Counting the animals in the zoo

Jeffrey Kastner

“Inventory” is a column that examines or presents a list, catalogue, or register.

While the practice of keeping wild animals may be traced back deep into antiquity—archeological records suggest that the ancient Egyptian capital of Hierakonpolis was the site of a menagerie containing hippopotami, elephants, baboons, and other exotic species as early as 3500 BCE—it wasn’t until the late eighteenth century that “zoos” emerged as civic amenities, and well into the twentieth before field-wide standards for their operation began to be established. As zoos evolved from repositories for unusual animals into scientific centers focused on conservation research, record keeping and information sharing became increasingly crucial.

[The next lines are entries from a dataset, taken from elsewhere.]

(* For $\tau\in\mathbb{R}$, $$\mu_0(\tau;0):=\int_{-\infty}^{\infty}\exp(-x^6+\tau x^4)\,dx$$ is given by $$\mu_0(\tau;0)=\tfrac13\Gamma\!\left(\tfrac16\right){}_2F_2\!\left(\tfrac1{12},\tfrac7{12};\tfrac13,\tfrac23;\tfrac{4\tau^3}{27}\right)+\tfrac13\tau\Gamma\!\left(\tfrac56\right){}_2F_2\!\left(\tfrac5{12},\tfrac{11}{12};\tfrac23,\tfrac43;\tfrac{4\tau^3}{27}\right)+\frac{\tau^2\sqrt{\pi}}{12}{}_2F_2\!\left(\tfrac34,\tfrac54;\tfrac43,\tfrac53;\tfrac{4\tau^3}{27}\right).$$
   Context: ${}_2F_2(a_1,a_2;b_1,b_2;z)$ denotes the generalised hypergeometric function with upper parameters $a_1,a_2$ and lower parameters $b_1,b_2$. *)

From Stdlib Require Import Reals.
From Coquelicot Require Import Coquelicot.
Open Scope R_scope.

Fixpoint poch (a : R) (n : nat) : R :=
  match n with
  | O => 1
  | S m => poch a m * (a + INR m)
  end.

(* Generalised hypergeometric function 2F2(a1,a2;b1,b2;z) as the sum of its
   (everywhere convergent) power series. *)
Definition hyp2F2 (a1 a2 b1 b2 z : R) : R :=
  Series (fun n => poch a1 n * poch a2 n / (poch b1 n * poch b2 n)
                   * z ^ n / INR (Factorial.fact n)).

Definition Gamma (s : R) : R :=
  RInt_gen (fun t => Rpower t (s - 1) * exp (- t))
           (at_right 0) (Rbar_locally p_infty).

From Stdlib Require Import Reals.
From Coquelicot Require Import Coquelicot.
From Stdlib Require Import Psatz Factorial Classical.
Open Scope R_scope.

(* Expand [exp (tau x^4)] in its Taylor series and integrate termwise.  With
   [I m = int_0^oo x^m exp (-x^6) dx = Gamma ((m+1)/6) / 6], the [k]-th term
   contributes [2 tau^k / k! * I (4k)] to the integral over the line.
   Integration by parts gives [I (m+6) = (m+1)/6 * I m], so grouping [k] by its
   residue mod 3 turns the series into three 2F2 series in [4 tau^3 / 27], whose
   leading coefficients involve [I 0], [I 4] and [I 8 = sqrt PI / 12]; the last
   follows from [u = x^3] and the Gaussian integral.  Termwise integration is
   justified by the Taylor remainder bound for [exp] together with
   [|tau| x^4 <= 4 |tau|^3 + x^6 / 2]: the truncation error of the integral over
   [0, b] is bounded uniformly in [b] by a sequence tending to 0. *)

(** * Real-analysis preliminaries *)

Lemma exp_le_compat x y : x <= y -> exp x <= exp y.
Proof. intros [Hlt | ->]; [apply Rlt_le, exp_increasing, Hlt | apply Rle_refl]. Qed.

Central to these efforts is the annual inventorying of all the individual organisms—from lions and giraffes to ants and worms—held by a given zoo. Since the early 1970s, the data from these inventories, which some institutions like the London Zoo have turned into public relations events, have been amassed by and shared through the International Species Information System (ISIS), a non-profit organization based in Minneapolis that currently gathers information from over nine hundred participating zoos around the world. Jeffrey Kastner spoke by phone with Nathan Flesness, ISIS’s science director, about the history of animal inventories and his organization’s role in contemporary zoological practice.

Cabinet: This year marks the fortieth anniversary of the founding of the International Species Information System (ISIS). How did it begin and what was going on in the field of zoo management at the time that made an organization like ISIS particularly timely?

Nathan Flesness: ISIS was founded by Ulysses Seal, a polymath who was faculty at the University of Minnesota in both biochemistry and wildlife. Through his work in comparative biochemistry, he had come in contact with people who were doing comparative endocrinology with exotic animals. Along the way, he was working on blood and discovered that neither the wildlife community nor the zoo community nor the national park community had any valid source for normal blood values for animals under their care. Part of the idea for ISIS came from the need to compile normal blood values for wildlife. Back then, if you ran a zoo and sent an animal’s blood sample to a lab, they would compare it to human norms, because that’s all they had.

That’s shocking.

Where would they get python and elephant norms? Seal started ISIS from a veterinary standpoint and then discovered that when he went back to the zoos that had brought him in to do blood sampling and asked if he could get the same giraffe or lion again because it was two years older, for instance, and he wanted to examine the affects of age, they would say, “Well, we’re not exactly sure which one that was.” They had vet records on specific cases, but not reliable, long-term individual animal logs. There were obviously a few animals that were distinguishable visually, but for most collections in most zoos, there weren’t reliable long-term records. Those were the record-keeping challenges in the 1970s when ISIS was founded.